> _Study material_:

....

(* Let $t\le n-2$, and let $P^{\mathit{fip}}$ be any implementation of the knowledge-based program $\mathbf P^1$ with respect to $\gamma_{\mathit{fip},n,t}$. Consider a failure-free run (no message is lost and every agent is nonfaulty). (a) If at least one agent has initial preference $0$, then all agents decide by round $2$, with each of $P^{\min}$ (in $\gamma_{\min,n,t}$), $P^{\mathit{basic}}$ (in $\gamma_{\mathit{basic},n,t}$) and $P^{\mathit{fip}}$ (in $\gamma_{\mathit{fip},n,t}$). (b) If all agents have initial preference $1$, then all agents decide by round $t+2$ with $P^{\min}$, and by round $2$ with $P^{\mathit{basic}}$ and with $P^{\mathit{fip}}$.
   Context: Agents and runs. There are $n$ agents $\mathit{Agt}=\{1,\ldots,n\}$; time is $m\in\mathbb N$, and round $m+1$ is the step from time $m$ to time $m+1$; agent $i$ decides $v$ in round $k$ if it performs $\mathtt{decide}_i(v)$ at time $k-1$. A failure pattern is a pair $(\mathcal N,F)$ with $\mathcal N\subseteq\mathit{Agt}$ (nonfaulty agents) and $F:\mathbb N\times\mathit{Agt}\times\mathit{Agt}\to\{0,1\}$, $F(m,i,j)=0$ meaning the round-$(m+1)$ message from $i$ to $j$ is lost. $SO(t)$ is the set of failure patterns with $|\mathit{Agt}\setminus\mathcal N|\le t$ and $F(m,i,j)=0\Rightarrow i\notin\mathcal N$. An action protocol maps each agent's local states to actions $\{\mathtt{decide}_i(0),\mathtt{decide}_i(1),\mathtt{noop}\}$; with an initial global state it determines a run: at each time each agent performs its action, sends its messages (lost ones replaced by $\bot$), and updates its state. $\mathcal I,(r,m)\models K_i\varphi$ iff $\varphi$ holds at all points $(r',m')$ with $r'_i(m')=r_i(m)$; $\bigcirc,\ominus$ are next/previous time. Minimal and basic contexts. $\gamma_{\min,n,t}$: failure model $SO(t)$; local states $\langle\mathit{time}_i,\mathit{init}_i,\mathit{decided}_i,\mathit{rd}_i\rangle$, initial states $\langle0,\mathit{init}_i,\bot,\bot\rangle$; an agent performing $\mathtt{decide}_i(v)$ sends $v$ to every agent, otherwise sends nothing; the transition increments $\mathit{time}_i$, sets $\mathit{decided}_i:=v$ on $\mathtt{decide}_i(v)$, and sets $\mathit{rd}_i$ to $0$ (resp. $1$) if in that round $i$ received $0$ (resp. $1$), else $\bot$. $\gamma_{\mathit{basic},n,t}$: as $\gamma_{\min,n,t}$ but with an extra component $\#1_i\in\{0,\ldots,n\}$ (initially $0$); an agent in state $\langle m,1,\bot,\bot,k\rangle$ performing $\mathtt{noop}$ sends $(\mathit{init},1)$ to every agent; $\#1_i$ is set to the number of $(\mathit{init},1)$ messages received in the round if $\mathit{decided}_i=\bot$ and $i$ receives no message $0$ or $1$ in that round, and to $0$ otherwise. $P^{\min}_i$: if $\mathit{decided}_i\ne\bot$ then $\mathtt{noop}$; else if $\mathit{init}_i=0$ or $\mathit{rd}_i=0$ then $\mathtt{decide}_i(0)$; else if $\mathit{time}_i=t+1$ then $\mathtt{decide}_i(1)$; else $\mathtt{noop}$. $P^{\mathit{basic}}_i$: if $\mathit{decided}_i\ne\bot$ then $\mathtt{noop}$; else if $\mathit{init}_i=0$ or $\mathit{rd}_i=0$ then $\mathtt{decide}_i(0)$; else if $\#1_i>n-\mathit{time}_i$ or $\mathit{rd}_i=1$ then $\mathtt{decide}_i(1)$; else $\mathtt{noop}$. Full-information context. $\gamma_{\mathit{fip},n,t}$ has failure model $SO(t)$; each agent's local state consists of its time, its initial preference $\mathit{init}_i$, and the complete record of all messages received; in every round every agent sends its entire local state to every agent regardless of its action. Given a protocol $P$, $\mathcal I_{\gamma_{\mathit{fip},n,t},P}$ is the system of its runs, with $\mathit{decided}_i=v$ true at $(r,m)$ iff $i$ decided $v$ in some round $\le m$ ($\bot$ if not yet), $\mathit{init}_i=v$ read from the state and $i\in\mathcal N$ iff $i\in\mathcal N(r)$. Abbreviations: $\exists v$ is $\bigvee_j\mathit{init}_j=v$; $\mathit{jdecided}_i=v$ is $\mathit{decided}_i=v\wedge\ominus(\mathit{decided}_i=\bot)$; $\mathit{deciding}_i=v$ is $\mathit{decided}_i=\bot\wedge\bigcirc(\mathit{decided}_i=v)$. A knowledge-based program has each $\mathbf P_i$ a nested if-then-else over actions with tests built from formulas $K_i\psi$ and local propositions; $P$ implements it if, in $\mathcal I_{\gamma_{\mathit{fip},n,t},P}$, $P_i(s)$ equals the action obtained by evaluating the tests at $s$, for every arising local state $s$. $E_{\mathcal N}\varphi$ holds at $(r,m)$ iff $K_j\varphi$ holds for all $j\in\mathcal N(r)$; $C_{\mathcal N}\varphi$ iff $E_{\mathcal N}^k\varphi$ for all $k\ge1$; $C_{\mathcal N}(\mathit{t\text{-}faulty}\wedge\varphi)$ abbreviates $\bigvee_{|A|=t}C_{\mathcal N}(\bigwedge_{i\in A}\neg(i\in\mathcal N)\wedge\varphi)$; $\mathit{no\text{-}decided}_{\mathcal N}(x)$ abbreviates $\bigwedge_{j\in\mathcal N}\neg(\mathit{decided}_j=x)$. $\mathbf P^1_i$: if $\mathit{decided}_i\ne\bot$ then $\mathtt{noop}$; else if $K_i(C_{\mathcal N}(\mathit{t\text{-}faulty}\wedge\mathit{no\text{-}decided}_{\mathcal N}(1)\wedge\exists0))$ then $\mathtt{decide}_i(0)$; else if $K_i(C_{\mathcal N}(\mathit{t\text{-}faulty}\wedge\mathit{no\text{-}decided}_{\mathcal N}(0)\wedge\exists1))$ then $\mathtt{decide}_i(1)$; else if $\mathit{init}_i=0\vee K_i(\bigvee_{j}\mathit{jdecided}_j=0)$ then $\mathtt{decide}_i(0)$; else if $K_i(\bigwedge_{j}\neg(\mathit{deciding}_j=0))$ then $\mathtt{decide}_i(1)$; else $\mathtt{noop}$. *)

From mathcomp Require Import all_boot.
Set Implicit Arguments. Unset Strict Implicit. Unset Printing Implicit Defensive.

....

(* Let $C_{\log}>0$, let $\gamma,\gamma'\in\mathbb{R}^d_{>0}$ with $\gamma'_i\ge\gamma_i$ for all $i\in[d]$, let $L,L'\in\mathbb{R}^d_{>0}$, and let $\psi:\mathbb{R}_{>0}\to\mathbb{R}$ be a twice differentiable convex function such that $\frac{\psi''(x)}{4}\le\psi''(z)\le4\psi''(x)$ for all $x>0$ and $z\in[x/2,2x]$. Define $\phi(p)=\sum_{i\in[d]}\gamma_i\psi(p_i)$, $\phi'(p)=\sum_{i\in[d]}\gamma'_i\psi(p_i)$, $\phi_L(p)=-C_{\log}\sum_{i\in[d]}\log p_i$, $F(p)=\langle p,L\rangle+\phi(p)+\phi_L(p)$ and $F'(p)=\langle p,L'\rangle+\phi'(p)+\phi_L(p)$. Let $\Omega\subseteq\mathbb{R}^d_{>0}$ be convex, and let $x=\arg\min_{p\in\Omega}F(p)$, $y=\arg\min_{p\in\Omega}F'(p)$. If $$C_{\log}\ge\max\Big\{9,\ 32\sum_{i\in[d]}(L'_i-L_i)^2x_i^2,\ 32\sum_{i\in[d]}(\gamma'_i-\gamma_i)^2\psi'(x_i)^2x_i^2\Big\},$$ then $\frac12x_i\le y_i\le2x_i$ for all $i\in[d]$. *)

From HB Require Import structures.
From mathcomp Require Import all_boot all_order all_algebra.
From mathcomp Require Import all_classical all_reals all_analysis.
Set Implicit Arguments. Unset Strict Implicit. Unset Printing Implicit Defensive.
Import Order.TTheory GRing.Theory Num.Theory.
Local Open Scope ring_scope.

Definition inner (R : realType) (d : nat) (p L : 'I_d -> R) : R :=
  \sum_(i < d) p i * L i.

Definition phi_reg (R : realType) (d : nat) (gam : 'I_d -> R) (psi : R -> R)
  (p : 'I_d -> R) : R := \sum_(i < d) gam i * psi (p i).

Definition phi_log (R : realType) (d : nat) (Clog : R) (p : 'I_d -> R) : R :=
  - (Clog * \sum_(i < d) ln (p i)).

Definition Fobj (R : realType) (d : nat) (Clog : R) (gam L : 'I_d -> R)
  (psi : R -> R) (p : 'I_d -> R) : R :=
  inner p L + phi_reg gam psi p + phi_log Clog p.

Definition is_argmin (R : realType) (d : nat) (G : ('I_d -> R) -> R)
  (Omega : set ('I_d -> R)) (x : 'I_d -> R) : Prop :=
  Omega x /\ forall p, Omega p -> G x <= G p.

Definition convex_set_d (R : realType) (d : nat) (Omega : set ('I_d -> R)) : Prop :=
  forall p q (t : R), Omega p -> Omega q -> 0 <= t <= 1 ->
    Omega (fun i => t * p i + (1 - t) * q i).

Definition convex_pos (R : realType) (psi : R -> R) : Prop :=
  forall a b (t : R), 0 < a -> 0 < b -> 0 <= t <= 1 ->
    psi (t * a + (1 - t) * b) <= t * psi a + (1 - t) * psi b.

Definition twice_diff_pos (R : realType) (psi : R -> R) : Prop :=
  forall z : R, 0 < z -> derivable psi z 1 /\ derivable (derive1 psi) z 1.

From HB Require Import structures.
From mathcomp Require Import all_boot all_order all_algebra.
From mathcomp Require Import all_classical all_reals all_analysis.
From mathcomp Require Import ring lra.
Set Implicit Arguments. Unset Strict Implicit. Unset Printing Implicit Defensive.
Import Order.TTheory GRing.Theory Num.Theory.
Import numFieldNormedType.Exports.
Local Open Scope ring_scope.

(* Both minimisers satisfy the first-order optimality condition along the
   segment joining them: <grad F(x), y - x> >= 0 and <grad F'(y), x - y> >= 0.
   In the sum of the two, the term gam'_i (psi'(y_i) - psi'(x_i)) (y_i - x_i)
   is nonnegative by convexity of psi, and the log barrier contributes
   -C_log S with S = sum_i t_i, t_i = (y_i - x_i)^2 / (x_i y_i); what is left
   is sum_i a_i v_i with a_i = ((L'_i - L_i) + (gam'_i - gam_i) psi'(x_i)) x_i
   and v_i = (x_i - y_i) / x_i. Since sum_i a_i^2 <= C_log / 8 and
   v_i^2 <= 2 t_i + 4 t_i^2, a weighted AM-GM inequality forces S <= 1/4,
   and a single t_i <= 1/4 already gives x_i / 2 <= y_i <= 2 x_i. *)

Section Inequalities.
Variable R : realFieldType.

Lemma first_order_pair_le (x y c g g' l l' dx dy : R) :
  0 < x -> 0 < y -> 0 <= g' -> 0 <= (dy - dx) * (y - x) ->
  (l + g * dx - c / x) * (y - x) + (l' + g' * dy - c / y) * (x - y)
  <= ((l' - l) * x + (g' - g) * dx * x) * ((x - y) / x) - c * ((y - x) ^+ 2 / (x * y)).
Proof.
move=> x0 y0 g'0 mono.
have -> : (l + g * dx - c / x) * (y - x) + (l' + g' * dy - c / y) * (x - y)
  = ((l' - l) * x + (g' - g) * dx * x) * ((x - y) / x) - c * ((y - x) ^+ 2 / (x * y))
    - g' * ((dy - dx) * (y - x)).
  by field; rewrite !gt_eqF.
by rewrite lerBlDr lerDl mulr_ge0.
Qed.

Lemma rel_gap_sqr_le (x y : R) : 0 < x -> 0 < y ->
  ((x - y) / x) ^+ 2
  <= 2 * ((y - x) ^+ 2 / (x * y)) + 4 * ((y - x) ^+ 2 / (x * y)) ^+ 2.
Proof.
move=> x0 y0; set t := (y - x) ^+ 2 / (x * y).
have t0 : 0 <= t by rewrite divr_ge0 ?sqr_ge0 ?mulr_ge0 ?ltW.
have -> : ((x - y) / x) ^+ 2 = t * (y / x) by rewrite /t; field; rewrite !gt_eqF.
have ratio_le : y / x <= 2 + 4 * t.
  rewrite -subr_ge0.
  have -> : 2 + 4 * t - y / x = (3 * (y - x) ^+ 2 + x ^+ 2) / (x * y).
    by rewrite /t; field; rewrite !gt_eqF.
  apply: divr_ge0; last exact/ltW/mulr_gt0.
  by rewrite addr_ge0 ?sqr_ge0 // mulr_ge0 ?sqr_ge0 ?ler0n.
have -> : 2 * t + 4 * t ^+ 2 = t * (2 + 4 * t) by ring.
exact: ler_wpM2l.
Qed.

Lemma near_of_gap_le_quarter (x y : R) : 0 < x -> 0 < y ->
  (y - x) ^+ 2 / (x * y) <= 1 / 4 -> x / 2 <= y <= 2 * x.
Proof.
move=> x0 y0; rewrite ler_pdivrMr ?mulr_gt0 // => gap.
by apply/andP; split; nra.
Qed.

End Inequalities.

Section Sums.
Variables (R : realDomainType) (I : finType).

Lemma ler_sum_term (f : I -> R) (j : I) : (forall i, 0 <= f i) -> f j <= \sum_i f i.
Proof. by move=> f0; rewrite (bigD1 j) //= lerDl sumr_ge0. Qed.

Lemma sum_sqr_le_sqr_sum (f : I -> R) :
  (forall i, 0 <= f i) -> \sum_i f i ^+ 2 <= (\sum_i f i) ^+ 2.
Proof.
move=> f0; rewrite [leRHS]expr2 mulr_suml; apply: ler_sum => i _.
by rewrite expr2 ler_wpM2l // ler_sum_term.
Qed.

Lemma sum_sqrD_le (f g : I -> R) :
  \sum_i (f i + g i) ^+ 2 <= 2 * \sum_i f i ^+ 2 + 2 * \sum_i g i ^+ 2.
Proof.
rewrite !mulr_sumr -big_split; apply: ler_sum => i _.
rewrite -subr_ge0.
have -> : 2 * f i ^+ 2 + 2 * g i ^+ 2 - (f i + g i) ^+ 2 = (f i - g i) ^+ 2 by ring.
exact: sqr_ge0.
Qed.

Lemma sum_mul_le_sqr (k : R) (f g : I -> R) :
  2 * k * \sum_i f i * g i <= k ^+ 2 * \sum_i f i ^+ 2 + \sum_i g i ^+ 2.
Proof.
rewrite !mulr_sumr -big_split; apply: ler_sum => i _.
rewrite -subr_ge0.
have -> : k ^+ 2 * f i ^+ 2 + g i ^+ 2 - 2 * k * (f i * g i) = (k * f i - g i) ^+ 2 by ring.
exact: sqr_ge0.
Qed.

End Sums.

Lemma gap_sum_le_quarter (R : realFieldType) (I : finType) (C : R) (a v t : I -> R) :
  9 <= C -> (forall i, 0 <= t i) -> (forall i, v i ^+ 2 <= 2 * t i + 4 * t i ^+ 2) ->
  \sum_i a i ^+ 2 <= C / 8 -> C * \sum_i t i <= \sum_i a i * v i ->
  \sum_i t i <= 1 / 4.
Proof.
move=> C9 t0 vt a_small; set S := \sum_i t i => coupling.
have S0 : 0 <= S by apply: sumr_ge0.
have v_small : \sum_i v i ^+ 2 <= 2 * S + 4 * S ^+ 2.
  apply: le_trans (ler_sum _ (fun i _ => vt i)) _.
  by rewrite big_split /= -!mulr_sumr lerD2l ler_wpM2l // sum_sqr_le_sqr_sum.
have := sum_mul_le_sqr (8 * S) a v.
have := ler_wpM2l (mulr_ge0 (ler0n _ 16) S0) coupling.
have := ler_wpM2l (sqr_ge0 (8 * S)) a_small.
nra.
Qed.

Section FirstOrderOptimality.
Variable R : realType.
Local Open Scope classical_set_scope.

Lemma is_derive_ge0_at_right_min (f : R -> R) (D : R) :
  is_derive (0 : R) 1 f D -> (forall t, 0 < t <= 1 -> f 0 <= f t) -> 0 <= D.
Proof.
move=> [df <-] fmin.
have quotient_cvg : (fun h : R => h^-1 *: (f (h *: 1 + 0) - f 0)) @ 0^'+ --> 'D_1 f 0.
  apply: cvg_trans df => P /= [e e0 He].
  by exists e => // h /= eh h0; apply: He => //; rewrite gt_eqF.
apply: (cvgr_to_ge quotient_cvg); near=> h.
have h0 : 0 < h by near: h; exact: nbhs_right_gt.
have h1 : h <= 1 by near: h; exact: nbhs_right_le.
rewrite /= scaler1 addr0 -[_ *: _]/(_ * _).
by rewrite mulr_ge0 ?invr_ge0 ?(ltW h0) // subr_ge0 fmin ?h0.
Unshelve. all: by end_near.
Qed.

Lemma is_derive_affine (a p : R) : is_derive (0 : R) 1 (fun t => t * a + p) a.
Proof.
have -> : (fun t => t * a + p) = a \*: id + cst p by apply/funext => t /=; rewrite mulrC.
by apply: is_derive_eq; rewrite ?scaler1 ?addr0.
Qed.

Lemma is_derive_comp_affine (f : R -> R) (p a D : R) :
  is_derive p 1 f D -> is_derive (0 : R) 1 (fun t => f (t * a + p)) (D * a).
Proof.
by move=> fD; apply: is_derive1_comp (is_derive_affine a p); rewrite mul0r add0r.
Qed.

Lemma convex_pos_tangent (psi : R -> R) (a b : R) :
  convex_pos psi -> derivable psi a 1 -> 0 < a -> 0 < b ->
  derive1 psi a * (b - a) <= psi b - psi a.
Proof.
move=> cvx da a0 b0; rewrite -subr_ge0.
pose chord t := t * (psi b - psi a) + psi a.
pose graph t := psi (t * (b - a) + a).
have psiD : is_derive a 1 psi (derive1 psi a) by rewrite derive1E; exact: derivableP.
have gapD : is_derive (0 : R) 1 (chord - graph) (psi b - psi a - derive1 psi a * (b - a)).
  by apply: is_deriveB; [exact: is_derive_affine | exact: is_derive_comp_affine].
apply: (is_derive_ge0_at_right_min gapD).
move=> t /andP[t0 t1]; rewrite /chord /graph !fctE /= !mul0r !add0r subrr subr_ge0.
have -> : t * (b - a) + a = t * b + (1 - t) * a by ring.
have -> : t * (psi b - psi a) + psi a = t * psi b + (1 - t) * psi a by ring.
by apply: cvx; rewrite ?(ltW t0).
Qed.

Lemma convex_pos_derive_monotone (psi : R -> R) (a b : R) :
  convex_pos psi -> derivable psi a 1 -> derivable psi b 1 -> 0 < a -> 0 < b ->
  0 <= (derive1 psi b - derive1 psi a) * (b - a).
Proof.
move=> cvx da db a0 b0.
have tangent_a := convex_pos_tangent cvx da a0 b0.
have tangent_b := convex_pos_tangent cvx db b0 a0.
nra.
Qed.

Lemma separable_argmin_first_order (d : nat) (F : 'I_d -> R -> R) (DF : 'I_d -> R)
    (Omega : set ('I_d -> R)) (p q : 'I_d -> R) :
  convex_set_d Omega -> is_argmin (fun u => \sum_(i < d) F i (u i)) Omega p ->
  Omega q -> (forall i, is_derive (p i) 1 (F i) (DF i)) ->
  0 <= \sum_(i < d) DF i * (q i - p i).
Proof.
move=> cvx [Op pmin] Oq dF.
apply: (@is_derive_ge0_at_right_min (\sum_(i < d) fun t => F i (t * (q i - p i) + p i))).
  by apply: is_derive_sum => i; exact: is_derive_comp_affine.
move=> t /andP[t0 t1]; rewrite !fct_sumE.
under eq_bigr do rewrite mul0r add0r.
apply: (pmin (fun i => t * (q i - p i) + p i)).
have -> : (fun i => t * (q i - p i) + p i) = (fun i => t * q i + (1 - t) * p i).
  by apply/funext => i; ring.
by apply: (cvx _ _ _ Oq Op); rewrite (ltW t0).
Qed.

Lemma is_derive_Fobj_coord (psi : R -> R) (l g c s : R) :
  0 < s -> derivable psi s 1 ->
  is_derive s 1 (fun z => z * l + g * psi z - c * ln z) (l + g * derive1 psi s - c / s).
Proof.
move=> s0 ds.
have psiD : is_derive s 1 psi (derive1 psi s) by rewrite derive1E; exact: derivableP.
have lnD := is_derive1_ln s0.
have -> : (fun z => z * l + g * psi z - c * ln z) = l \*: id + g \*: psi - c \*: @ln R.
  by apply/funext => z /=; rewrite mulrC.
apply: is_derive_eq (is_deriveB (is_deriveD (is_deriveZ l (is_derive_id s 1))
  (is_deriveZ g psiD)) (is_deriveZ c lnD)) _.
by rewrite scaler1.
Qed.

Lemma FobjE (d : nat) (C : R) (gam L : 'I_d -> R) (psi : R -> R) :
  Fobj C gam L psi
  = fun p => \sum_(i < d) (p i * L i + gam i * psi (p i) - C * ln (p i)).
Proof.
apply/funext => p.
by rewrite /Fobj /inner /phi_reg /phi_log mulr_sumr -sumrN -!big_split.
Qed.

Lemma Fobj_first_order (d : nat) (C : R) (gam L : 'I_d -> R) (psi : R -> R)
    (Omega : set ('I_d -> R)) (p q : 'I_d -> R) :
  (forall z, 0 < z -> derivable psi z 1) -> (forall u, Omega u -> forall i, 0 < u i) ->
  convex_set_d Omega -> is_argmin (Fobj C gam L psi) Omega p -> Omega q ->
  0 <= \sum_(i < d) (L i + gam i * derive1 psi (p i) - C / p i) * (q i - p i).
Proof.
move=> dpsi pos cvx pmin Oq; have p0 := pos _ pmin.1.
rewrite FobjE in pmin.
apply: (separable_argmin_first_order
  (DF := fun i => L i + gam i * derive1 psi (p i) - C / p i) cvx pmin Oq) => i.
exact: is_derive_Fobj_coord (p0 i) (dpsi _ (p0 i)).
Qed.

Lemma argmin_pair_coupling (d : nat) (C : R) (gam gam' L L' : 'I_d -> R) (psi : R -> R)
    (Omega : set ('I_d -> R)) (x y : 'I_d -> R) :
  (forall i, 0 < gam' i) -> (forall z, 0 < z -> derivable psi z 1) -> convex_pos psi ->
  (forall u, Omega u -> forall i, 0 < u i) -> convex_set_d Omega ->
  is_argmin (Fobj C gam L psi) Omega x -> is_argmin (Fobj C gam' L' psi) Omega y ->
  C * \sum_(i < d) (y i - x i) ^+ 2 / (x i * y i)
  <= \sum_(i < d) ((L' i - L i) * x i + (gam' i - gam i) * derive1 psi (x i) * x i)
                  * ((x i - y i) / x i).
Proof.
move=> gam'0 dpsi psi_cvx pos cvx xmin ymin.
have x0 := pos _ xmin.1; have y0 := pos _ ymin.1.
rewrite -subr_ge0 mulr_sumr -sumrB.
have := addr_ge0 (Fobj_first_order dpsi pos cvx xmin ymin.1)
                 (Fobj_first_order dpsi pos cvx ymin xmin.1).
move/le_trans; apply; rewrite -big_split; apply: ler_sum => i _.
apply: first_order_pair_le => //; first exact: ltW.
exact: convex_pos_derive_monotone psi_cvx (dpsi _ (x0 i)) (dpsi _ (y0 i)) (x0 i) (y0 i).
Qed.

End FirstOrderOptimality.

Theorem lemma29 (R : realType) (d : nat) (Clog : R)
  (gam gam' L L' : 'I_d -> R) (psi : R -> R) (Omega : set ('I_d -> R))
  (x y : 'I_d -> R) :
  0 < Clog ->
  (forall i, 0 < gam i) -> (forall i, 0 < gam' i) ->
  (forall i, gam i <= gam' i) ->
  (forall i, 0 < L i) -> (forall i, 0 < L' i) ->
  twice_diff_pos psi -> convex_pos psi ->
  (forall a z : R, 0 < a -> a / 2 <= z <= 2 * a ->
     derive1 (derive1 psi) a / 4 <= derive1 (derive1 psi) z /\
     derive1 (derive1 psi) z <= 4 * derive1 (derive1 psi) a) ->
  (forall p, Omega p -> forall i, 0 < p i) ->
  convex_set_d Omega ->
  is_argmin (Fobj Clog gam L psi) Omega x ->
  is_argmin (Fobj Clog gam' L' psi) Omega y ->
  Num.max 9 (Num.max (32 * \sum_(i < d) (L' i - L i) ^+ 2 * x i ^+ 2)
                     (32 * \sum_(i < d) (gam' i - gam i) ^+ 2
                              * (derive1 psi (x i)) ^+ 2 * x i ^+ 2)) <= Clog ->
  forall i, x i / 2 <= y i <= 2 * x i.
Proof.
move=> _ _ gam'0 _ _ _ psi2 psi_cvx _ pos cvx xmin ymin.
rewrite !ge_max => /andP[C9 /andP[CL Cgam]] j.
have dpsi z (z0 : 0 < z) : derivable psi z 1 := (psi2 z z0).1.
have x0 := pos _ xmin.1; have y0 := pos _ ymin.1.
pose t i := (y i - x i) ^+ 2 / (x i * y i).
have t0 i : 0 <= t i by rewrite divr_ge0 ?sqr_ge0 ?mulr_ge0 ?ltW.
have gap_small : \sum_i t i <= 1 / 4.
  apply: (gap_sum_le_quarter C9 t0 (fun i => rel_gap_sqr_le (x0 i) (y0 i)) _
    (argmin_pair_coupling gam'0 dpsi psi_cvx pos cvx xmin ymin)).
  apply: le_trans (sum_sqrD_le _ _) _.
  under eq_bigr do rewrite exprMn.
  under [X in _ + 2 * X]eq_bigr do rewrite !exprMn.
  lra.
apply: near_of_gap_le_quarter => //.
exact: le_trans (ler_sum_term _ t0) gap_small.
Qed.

....

> _What is required_:
The number of lines in the data that contain the word "dpsi" is all that should be stated.

> _Response to this exercise_:
8